=== Section Start ===

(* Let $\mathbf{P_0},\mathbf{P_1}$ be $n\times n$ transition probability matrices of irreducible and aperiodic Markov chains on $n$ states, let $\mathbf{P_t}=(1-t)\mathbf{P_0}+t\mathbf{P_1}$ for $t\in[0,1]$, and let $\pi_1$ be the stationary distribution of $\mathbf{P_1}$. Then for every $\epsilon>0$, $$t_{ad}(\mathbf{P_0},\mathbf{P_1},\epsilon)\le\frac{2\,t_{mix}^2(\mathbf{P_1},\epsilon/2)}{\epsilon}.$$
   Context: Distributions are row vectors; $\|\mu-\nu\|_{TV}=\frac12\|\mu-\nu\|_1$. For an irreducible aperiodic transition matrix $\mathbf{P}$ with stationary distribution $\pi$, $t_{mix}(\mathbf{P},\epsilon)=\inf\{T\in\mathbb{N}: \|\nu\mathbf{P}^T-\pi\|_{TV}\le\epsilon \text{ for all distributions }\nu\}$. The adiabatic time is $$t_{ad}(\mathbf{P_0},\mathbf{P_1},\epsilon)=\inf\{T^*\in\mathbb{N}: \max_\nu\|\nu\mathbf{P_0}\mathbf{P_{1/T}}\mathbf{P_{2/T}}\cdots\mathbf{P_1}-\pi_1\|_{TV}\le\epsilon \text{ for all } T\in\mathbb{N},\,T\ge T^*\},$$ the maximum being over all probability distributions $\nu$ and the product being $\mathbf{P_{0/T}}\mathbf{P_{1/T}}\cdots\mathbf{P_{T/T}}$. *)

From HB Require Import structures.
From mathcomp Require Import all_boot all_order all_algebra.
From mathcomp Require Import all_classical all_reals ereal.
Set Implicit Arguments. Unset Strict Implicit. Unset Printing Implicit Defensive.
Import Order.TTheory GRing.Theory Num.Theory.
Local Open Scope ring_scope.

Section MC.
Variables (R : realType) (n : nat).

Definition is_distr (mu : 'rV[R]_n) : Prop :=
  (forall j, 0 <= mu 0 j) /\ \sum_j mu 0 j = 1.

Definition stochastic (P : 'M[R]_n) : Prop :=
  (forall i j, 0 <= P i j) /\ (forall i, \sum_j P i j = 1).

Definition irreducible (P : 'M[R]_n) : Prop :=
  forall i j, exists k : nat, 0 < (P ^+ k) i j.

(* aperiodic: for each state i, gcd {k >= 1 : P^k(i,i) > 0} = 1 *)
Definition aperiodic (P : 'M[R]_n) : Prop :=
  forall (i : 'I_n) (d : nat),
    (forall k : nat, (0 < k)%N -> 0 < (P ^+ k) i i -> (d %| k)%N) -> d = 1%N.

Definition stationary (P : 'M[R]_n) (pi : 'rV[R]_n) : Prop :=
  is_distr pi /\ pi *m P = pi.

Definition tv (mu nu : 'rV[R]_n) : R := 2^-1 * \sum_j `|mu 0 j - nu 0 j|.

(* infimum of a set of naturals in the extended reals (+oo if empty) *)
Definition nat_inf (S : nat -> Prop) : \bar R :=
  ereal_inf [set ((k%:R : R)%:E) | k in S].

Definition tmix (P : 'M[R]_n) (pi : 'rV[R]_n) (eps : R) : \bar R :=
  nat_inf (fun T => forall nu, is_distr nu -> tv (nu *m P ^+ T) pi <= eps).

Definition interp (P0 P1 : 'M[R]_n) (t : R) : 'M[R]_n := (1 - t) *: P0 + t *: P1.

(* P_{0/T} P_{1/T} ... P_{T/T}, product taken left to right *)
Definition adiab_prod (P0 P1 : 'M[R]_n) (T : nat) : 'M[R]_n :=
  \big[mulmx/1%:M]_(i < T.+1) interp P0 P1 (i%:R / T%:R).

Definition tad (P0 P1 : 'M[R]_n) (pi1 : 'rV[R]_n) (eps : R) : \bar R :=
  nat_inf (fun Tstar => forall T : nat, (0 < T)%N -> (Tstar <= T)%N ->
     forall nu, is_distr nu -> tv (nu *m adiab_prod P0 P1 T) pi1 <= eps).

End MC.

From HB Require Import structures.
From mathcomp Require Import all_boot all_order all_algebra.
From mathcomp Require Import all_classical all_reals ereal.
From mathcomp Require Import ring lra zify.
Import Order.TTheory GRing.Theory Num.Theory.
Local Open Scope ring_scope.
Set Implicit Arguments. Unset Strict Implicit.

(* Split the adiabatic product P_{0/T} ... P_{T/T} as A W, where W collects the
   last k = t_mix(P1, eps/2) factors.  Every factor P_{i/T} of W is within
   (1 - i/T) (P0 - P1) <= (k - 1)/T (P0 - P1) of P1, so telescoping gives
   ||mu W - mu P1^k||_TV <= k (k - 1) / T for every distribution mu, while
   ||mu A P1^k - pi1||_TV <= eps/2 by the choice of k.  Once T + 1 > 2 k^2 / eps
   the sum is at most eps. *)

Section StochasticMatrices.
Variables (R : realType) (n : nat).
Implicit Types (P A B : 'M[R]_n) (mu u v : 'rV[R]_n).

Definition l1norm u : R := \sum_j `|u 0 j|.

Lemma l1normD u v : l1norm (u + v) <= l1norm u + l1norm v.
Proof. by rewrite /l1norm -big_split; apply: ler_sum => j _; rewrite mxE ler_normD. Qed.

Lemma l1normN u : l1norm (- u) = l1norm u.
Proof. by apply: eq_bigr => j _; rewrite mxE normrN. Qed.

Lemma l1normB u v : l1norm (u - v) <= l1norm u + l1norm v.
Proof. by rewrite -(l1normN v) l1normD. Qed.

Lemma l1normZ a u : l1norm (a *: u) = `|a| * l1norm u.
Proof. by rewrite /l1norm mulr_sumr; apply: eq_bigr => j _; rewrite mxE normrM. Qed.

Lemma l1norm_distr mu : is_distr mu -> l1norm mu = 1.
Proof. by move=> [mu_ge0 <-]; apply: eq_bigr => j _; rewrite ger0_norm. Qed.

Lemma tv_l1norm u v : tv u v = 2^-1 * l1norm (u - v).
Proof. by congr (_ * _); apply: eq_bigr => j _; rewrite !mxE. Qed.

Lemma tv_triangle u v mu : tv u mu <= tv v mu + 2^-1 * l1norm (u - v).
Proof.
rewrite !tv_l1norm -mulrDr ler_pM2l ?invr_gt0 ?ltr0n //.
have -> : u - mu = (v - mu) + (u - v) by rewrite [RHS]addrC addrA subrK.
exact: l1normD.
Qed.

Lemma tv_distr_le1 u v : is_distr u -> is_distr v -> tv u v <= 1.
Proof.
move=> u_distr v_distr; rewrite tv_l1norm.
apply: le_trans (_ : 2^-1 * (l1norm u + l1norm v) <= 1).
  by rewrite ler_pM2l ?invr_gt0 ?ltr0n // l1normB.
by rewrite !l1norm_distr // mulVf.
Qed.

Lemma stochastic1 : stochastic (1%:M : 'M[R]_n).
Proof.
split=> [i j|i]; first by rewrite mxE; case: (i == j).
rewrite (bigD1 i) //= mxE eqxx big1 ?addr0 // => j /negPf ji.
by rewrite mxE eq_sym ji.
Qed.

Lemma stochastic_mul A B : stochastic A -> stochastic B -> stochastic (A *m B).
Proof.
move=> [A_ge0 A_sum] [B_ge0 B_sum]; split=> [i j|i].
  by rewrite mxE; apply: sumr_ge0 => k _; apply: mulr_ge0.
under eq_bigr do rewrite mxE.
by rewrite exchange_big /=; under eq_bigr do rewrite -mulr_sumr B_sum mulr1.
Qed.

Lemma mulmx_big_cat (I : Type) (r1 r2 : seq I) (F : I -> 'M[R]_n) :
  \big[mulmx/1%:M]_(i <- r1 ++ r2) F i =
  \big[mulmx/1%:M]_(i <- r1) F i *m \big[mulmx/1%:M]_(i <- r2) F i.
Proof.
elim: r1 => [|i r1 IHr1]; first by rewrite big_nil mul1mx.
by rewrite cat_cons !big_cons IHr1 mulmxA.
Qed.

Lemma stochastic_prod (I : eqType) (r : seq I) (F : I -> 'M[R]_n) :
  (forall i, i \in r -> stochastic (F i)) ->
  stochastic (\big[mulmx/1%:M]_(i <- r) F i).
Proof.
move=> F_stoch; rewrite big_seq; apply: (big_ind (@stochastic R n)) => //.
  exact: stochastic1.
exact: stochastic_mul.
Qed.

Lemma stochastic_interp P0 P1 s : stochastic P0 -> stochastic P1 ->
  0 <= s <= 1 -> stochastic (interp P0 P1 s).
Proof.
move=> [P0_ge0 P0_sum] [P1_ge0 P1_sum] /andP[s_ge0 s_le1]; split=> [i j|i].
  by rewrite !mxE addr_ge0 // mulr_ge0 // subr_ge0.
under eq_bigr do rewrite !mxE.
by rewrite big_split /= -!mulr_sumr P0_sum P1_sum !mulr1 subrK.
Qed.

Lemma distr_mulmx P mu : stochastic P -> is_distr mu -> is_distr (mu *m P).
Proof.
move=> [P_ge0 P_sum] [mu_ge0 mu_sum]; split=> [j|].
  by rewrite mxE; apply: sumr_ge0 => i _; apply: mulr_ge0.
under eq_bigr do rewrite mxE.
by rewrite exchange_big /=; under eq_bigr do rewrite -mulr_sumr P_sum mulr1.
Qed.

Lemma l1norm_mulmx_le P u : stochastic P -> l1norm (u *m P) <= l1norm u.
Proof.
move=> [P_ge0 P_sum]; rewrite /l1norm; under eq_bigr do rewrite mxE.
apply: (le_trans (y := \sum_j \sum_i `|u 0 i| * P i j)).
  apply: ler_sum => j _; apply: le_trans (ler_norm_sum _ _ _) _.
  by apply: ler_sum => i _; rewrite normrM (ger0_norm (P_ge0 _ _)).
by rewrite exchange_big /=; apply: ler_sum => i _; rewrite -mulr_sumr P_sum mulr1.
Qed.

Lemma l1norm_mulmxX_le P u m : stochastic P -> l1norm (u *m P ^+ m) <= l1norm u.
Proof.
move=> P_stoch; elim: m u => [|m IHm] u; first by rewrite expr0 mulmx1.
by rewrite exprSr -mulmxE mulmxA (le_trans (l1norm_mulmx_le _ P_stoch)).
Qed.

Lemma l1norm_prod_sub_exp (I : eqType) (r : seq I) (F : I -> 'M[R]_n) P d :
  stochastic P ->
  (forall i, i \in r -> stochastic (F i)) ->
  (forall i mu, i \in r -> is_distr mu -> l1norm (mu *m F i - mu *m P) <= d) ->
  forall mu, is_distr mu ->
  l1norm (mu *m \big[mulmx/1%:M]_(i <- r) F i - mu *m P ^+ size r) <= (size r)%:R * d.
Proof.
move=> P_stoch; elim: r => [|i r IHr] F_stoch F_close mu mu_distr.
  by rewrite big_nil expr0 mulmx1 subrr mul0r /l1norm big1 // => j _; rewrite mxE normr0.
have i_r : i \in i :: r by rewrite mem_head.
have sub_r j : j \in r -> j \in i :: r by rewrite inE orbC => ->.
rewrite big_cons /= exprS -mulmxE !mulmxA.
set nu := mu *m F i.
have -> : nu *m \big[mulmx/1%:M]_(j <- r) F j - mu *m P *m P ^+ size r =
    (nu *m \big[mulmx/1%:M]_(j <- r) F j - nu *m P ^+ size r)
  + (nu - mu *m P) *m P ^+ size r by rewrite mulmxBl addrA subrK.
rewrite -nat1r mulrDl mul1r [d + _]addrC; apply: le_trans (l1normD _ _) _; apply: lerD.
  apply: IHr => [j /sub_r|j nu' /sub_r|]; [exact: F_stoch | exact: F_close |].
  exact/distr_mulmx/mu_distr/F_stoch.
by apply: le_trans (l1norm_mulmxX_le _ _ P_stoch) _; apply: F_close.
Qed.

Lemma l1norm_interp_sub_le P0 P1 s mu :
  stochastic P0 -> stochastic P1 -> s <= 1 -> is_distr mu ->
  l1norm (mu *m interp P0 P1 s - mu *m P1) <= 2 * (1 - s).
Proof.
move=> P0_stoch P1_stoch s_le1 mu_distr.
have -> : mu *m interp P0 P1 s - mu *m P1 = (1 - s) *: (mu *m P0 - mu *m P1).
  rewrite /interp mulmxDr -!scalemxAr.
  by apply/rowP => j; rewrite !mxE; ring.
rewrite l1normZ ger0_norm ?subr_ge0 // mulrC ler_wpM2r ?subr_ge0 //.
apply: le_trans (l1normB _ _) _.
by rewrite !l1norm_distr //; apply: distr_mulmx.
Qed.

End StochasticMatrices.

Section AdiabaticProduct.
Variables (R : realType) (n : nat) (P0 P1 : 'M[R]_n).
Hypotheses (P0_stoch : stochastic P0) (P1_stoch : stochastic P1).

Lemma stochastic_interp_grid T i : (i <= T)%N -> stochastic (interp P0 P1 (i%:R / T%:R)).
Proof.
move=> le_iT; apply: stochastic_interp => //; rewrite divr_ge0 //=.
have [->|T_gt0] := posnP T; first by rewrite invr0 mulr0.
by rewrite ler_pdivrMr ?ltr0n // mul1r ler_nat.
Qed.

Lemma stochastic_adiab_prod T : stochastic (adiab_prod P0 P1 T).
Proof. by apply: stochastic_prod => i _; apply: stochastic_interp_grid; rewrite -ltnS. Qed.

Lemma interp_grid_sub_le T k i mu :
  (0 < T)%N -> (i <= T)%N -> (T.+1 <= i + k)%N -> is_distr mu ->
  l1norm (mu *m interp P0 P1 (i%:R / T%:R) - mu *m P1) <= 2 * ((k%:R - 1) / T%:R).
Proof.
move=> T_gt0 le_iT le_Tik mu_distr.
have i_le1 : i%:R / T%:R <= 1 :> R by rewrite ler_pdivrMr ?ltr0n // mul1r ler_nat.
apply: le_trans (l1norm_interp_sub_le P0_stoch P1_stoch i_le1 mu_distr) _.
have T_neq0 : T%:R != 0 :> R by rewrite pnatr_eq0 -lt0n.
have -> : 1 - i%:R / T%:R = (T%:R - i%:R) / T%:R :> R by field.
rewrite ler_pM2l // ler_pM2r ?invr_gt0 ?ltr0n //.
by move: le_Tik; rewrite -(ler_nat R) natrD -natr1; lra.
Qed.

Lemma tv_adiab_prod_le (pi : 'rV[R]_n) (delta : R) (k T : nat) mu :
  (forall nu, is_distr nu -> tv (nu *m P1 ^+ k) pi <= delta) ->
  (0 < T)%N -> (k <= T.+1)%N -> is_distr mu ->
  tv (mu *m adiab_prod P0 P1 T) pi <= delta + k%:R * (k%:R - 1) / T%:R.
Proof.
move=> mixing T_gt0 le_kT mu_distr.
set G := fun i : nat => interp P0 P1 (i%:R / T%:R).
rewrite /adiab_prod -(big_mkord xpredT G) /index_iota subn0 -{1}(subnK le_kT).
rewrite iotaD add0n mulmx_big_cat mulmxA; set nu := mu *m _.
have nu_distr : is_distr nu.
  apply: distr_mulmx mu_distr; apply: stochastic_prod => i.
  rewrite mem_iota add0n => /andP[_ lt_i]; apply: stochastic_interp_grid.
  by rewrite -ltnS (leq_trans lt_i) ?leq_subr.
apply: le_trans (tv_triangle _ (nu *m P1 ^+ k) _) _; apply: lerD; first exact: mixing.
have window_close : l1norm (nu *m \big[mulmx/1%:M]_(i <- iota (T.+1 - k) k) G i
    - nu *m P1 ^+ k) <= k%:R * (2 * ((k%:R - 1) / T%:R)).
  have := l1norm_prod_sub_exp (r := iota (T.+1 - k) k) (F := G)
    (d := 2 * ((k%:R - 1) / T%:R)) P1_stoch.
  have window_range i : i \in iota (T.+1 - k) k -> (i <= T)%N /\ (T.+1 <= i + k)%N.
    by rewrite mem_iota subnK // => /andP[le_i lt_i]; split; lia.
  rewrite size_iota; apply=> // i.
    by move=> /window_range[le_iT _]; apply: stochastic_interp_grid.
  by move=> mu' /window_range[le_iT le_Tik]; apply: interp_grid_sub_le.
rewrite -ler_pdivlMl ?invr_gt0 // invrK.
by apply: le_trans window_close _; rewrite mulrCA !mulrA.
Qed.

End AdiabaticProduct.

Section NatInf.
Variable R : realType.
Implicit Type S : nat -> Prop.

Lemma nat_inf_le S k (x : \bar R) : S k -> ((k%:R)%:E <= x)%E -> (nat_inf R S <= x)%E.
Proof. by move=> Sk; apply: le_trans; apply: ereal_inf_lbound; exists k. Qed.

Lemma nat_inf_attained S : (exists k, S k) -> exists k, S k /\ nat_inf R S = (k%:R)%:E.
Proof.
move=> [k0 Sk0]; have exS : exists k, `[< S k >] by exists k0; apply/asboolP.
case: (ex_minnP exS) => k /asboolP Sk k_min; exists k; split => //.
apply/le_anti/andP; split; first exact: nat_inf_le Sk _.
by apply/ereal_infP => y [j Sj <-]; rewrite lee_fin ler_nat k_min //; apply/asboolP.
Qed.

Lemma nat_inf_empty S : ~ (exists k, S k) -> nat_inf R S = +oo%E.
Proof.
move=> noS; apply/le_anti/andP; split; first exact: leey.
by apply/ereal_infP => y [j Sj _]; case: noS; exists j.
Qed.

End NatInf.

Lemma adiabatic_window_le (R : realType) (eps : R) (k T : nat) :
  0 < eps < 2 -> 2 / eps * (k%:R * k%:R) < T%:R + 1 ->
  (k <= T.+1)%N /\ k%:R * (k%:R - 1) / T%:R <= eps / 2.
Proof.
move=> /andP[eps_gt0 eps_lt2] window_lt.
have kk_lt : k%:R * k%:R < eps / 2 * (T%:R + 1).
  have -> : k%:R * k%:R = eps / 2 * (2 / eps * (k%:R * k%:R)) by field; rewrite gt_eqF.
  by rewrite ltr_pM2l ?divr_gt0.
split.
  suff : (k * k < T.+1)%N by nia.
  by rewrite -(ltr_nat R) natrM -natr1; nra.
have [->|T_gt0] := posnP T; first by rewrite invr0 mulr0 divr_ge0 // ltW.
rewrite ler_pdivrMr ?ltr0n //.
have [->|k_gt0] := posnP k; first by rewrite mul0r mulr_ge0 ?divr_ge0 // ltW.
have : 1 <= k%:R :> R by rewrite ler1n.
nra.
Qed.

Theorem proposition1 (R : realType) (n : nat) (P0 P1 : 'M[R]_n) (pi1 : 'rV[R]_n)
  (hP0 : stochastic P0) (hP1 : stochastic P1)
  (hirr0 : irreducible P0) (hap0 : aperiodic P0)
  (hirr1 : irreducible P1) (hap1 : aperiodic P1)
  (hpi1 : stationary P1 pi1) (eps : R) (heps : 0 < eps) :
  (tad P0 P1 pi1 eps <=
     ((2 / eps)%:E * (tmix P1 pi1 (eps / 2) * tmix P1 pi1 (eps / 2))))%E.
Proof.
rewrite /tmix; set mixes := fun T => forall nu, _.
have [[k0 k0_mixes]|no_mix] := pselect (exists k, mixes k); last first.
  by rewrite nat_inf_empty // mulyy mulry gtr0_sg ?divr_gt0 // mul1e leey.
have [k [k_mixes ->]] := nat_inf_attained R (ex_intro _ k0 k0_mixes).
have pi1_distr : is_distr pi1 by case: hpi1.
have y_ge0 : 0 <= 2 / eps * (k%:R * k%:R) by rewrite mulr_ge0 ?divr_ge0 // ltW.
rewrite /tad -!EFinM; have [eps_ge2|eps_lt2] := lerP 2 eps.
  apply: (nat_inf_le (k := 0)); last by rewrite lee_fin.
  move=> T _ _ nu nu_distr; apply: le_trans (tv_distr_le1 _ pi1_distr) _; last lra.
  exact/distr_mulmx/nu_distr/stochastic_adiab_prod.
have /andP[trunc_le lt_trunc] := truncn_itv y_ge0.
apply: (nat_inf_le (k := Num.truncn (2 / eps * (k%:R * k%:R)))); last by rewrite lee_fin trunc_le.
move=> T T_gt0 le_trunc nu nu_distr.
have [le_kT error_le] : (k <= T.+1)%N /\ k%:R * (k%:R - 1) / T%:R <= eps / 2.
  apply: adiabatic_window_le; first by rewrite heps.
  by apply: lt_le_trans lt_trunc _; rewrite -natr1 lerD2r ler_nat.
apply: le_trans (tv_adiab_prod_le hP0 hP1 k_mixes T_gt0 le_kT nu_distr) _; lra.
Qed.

=== Section End ===
=== Section Start ===

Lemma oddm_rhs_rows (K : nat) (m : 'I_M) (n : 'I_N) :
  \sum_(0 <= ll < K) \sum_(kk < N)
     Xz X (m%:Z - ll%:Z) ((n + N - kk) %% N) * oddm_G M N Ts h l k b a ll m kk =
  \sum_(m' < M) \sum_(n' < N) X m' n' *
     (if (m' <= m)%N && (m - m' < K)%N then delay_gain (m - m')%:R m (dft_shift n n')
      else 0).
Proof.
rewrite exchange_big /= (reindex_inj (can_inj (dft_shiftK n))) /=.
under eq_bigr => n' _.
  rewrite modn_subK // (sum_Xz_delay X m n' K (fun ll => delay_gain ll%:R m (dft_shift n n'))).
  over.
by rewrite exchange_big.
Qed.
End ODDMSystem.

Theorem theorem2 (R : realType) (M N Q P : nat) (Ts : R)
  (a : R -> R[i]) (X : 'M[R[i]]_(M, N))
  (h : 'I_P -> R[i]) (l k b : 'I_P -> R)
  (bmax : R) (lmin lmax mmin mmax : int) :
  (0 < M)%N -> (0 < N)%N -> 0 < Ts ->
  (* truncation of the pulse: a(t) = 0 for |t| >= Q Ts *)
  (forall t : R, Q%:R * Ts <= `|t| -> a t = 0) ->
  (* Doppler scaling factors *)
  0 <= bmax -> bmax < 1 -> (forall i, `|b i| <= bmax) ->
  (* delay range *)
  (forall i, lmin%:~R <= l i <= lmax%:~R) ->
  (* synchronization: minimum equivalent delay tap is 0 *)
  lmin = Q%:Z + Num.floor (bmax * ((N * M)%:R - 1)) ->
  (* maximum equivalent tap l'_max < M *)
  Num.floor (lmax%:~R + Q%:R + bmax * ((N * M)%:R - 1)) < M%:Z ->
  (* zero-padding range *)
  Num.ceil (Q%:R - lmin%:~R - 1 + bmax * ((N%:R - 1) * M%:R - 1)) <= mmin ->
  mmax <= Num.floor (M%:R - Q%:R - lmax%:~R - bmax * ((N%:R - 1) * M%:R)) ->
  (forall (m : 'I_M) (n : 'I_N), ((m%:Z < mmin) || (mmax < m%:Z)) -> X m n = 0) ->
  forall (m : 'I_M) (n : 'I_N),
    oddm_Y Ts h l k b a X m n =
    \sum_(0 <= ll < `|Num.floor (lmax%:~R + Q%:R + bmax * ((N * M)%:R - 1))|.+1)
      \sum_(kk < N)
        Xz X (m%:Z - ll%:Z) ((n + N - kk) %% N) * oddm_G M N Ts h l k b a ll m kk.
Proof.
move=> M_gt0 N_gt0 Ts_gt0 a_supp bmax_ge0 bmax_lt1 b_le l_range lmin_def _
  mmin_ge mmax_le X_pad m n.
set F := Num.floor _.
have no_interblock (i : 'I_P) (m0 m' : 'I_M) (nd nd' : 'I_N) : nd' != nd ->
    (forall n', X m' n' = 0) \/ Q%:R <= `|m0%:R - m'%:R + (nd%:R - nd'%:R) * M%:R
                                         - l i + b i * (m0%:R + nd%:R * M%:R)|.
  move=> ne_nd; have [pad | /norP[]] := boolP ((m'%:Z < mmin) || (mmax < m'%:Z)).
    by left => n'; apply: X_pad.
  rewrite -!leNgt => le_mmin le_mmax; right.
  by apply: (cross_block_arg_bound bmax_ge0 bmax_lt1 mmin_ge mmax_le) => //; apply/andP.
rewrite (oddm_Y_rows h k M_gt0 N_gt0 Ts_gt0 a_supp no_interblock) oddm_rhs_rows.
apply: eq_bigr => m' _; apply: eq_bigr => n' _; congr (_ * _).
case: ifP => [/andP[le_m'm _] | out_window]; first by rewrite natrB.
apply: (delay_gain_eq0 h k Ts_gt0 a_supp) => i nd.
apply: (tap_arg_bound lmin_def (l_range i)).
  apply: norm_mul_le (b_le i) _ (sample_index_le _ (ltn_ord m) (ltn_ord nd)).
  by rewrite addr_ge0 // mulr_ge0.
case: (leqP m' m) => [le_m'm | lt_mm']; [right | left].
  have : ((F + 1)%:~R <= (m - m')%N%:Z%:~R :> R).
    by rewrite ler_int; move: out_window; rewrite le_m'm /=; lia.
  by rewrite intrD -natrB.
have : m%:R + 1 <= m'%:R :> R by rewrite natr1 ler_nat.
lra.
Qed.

=== Section End ===

Exercise aim. Starting with the line above that holds "set G := fun" and stopping with the line that holds "- nu *m P1 ^+", reproduce each line exactly, omitting all other lines.

Your response.
set G := fun i : nat => interp P0 P1 (i%:R / T%:R).
rewrite /adiab_prod -(big_mkord xpredT G) /index_iota subn0 -{1}(subnK le_kT).
rewrite iotaD add0n mulmx_big_cat mulmxA; set nu := mu *m _.
have nu_distr : is_distr nu.
  apply: distr_mulmx mu_distr; apply: stochastic_prod => i.
  rewrite mem_iota add0n => /andP[_ lt_i]; apply: stochastic_interp_grid.
  by rewrite -ltnS (leq_trans lt_i) ?leq_subr.
apply: le_trans (tv_triangle _ (nu *m P1 ^+ k) _) _; apply: lerD; first exact: mixing.
have window_close : l1norm (nu *m \big[mulmx/1%:M]_(i <- iota (T.+1 - k) k) G i
    - nu *m P1 ^+ k) <= k%:R * (2 * ((k%:R - 1) / T%:R)).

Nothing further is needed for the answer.